Golang Heap 運行時性能分析

通常，我們只會在兩種情況下，會去分析一個程序的表現：

你遇到了問題；
你閒的沒事幹；

好了，開個玩笑，其實研究程序的性能對於每一個工程師來說，都很重要，我甚至可以這麼說：這是一個工程師的必備技能。

下面來說說，我們如何去研究 Golang 程序的性能問題。

介紹

Golang 的性能分析工具 pprof 可謂是豪華了，它內建支持以下幾種分析：

heap：當前內存中所有存活對象的採樣（幾乎是帶 GC 語言的必備了），可以用來分析內存問題；
profile：與 heap 相對的，是 CPU 的採樣，可以用來分析程序的耗時瓶頸；
goroutine：所有當前 goroutine 的棧追蹤；
allocs：所有過去的內存申請採樣；
threadcreate：系統層面的線程棧追蹤；
block：同步原語上的堵塞的棧追蹤；
mutex：所有競爭關係的 mutex 棧追蹤；
trace：當前程序執行情況的追蹤；

憑藉良好的工具帶來的調試體驗也是非常棒的，整個過程只需幾個簡單的命令，你就能進行分析個大概了。
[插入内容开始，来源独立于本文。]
Lemma step_descends L0 M : 0 < alpha -> 0 < beta ->
  (forall th1 th2, norm2 (mgrad G th1 - mgrad G th2) <= L0 * norm2 (th1 - th2)) ->
  (forall i th, opnorm (jac (f (xu i)) th) <= M) ->
  4 * M ^+ 2 * L0 * (alpha ^+ 2 * beta) < 1 ->
  G (theta_next f xl yl xu batch alpha beta th_t) <= G th_t /\
  (0 < meta_gain -> G (theta_next f xl yl xu batch alpha beta th_t) < G th_t).
Proof.
move=> a0 b0 hL hM hcond; have dec := step_decrease L0 M hL hM.
have strict : 0 < meta_gain -> G (theta_next f xl yl xu batch alpha beta th_t) < G th_t.
  move=> S0; have B0 := meta_gain_gt0_batch S0.
  have q0 := meta_rate_gt0 a0 b0 B0; have rho := meta_rate_lt1 L0 M B0 hcond.
  rewrite -subr_lt0; apply: le_lt_trans dec _.
  rewrite mulNr oppr_lt0; apply: mulr_gt0; first exact: mulr_gt0.
  by rewrite subr_gt0.
split=> //; have [S0|S0] := eqVneq meta_gain 0; last first.
  by apply/ltW/strict; rewrite lt_def S0 meta_gain_ge0.
by rewrite -subr_le0; apply: le_trans dec _; rewrite S0 mulr0 oppr0 mul0r.
Qed.

End OneStep.

Theorem theorem1 (R : realType) (X : Type) (d C Nl Nu B : nat)
  (f : X -> 'rV[R]_d -> 'rV[R]_C)
  (xl : 'I_Nl -> X) (yl : 'I_Nl -> 'rV[R]_C) (xu : 'I_Nu -> X)
  (L0 M alpha beta : R) (th_t : 'rV[R]_d) (batch : 'I_B -> 'I_Nu) :
  (forall x, C1 (f x)) ->
  (forall th1 th2 : 'rV[R]_d,
      norm2 (mgrad (Gloss f xl yl) th1 - mgrad (Gloss f xl yl) th2)
      <= L0 * norm2 (th1 - th2)) ->
  (forall (i : 'I_Nu) (th : 'rV[R]_d), opnorm (jac (f (xu i)) th) <= M) ->
  0 < alpha -> 0 < beta ->
  4 * M ^+ 2 * L0 * (alpha ^+ 2 * beta) < 1 ->
  Gloss f xl yl (theta_next f xl yl xu batch alpha beta th_t)
    <= Gloss f xl yl th_t
  /\ (Gloss f xl yl (theta_next f xl yl xu batch alpha beta th_t)
        = Gloss f xl yl th_t
      <-> meta_grad f xl yl xu batch alpha th_t = 0).
Proof.
move=> hC1 hL hM a0 b0 hcond.
have f_diff x th : differentiable (f x) th by exact: (hC1 x).1.
have [le_step lt_step] :=
  step_descends (batch := batch) (th_t := th_t) f_diff L0 M a0 b0 hL hM hcond.
split=> //; split => [eq_loss | /(theta_next_fixed (beta := beta)) ->] //.
(* Equality forces S = 0, since S > 0 would give a strict decrease. *)
apply/(meta_grad_eq0 f_diff a0)/eqP.
rewrite eq_le meta_gain_ge0 andbT leNgt; apply/negP => /lt_step.
by rewrite eq_loss ltxx.
Qed.
Lemma t_eq1_of_ratio210 (R : realFieldType) (t u : R) (Pd : W -> R) :
  0 <= t -> 0 < u -> stationary SD (dasep t u) Pd ->
  pr210 t (decode (1,2,0)%N) / pr210 t (decode (2,1,0)%N) =
    Pd (decode (1,2,0)%N) / Pd (decode (2,1,0)%N) ->
  t = 1.
Proof.
move=> t_ge0 u_gt0 Pd_st; have Pd_rel := Pd_210_120 t_ge0 u_gt0 Pd_st.
set X := Pd (decode (1,2,0)%N) in Pd_rel *; set Y := Pd (decode (2,1,0)%N) in Pd_rel *.
have Y_gt0 : 0 < Y by apply: (Pd_gt0 t_ge0 u_gt0 Pd_st); rewrite SD_triples decodeK.
have t1_neq0 : 1 + t != 0 by rewrite gt_eqF // ltr_pwDl.
have t2_neq0 : 2%:R + t != 0 by rewrite gt_eqF // ltr_pwDl.
have -> : pr210 t (decode (1,2,0)%N) / pr210 t (decode (2,1,0)%N) = (1 + 2%:R * t) / (2%:R + t).
  by rewrite /pr210 !decodeK //=; field; rewrite ?t1_neq0 ?t2_neq0 ?pnatr_eq0.
move/eqP; rewrite eqr_div ?t2_neq0 ?(gt_eqF Y_gt0) // => /eqP cross.
have : Y * ((1 - t) * (u + 1)) = 0.
  transitivity ((2%:R + t) * (Y * (u + 3%:R + 4%:R * t) - X * (u + 5%:R + 2%:R * t)) +
                (u + 5%:R + 2%:R * t) * (X * (2%:R + t) - (1 + 2%:R * t) * Y)); first by ring.
  by rewrite Pd_rel -cross !subrr !mulr0 addr0.
move/eqP; rewrite !mulf_eq0 (gt_eqF Y_gt0) subr_eq0 (gt_eqF (ltr_wpDl (ltW u_gt0) ltr01)) orbF.
by move=> /eqP.
Qed.

Unset Implicit Arguments.

Theorem mainTheorem1 (R : realFieldType) (t u : R)
  (ht0 : 0 <= t) (ht1 : t <= 1) (hu : 0 < u)
  (Pd : word 3 2 -> R) (hPd : Pd_stationary (n := 2) t u 2 Pd) :
  t = 1 <->
  (forall lam : word 3 2, is_partition lam -> nnz lam = 2%N ->
   forall Pr : word 3 2 -> R, Pr_stationary t lam Pr ->
   forall mu nu : word 3 2, mu \in rearr lam -> nu \in rearr lam ->
     Pr mu / Pr nu = Pd mu / Pd nu).
Proof.
split=> [t1 lam _ lam2 Pr | ratio].
  by rewrite t1 in hPd *; exact: stationary_ratio_t1 hu hPd lam lam2 Pr.
apply: (t_eq1_of_ratio210 ht0 hu hPd).
apply: (ratio lam210 _ _ _ (pr210_stationary ht0)).
- by rewrite is_partition_code decodeK.
- by rewrite nnz_code decodeK.
- by rewrite rearr_code !decodeK.
- by rewrite rearr_code !decodeK.
Qed.
(* two-sided derivates relative to [a,b], one-sided at the endpoints;
   max written as -min(-.,-.) *)
Definition LDlow (F : R -> R) (a b x : R) : Rbar :=
  if Req_EM_T x a then LDlow_plus F b x
  else if Req_EM_T x b then LDlow_minus F a x
  else Rbar_min (LDlow_plus F b x) (LDlow_minus F a x).
Definition LDup (F : R -> R) (a b x : R) : Rbar :=
  if Req_EM_T x a then LDup_plus F b x
  else if Req_EM_T x b then LDup_minus F a x
  else Rbar_opp (Rbar_min (Rbar_opp (LDup_plus F b x)) (Rbar_opp (LDup_minus F a x))).

Definition continuous_on_cc (F : R -> R) (a b : R) : Prop :=
  forall x, a <= x <= b ->
    filterlim F (within (fun y => a <= y <= b) (locally x)) (locally (F x)).

Definition major_fun (f U : R -> R) (a b : R) : Prop :=
  continuous_on_cc U a b /\
  forall x, a <= x <= b ->
    Rbar_le (Finite (f x)) (LDlow U a b x) /\ LDlow U a b x <> m_infty.

Definition minor_fun (f V : R -> R) (a b : R) : Prop :=
  continuous_on_cc V a b /\
  forall x, a <= x <= b ->
    Rbar_le (LDup V a b x) (Finite (f x)) /\ LDup V a b x <> p_infty.

Definition minor_sup (f : R -> R) (a b : R) : Rbar :=
  Rbar_lub (fun y => exists V, minor_fun f V a b /\ y = Finite (V b - V a)).
Definition major_inf (f : R -> R) (a b : R) : Rbar :=
  Rbar_glb (fun y => exists U, major_fun f U a b /\ y = Finite (U b - U a)).

Definition Laplace_integrable (f : R -> R) (a b : R) : Prop :=
  a < b /\ exists I : R, minor_sup f a b = Finite I /\ major_inf f a b = Finite I.

(* \int_a^b f : the common value when f is Laplace integrable on [a,b];
   \int_a^a f = 0 *)
Definition Laplace_int (f : R -> R) (a b : R) : R :=
  if Rle_dec b a then 0 else real (minor_sup f a b).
不過受限於篇幅，以及之前也多次提到過 CPU 的分析，因此今天只說說如何分析內存，也就是 Heap。

Heap 的使用一般是內存泄露，或者是你想優化內存的使用。

內存泄露與內存優化

對於內存泄露，這類問題往往難以發現與分析，因爲需要監控 Go 程序本身，或者看 Linux 的 dmesg 裏面的 OOM 記錄才能發現。

dmesg | grep oom-killer

當你發現一次 OOM 記錄時，你就要考慮給本身忽略的監控加上了，因爲這種問題會復現的（但是往往難以在自己的機器以及預發佈環境中復現）。如果不知道是是什麼監控參數，你可以看監控數據，簡單定一個比例，比如當你的程序初始化的時候佔用 10% 的內存，那麼一旦 Go 程序的內存使用達到一定比例比如機器內存 50% 時，就要馬上進行告警了，你也可以進場分析了。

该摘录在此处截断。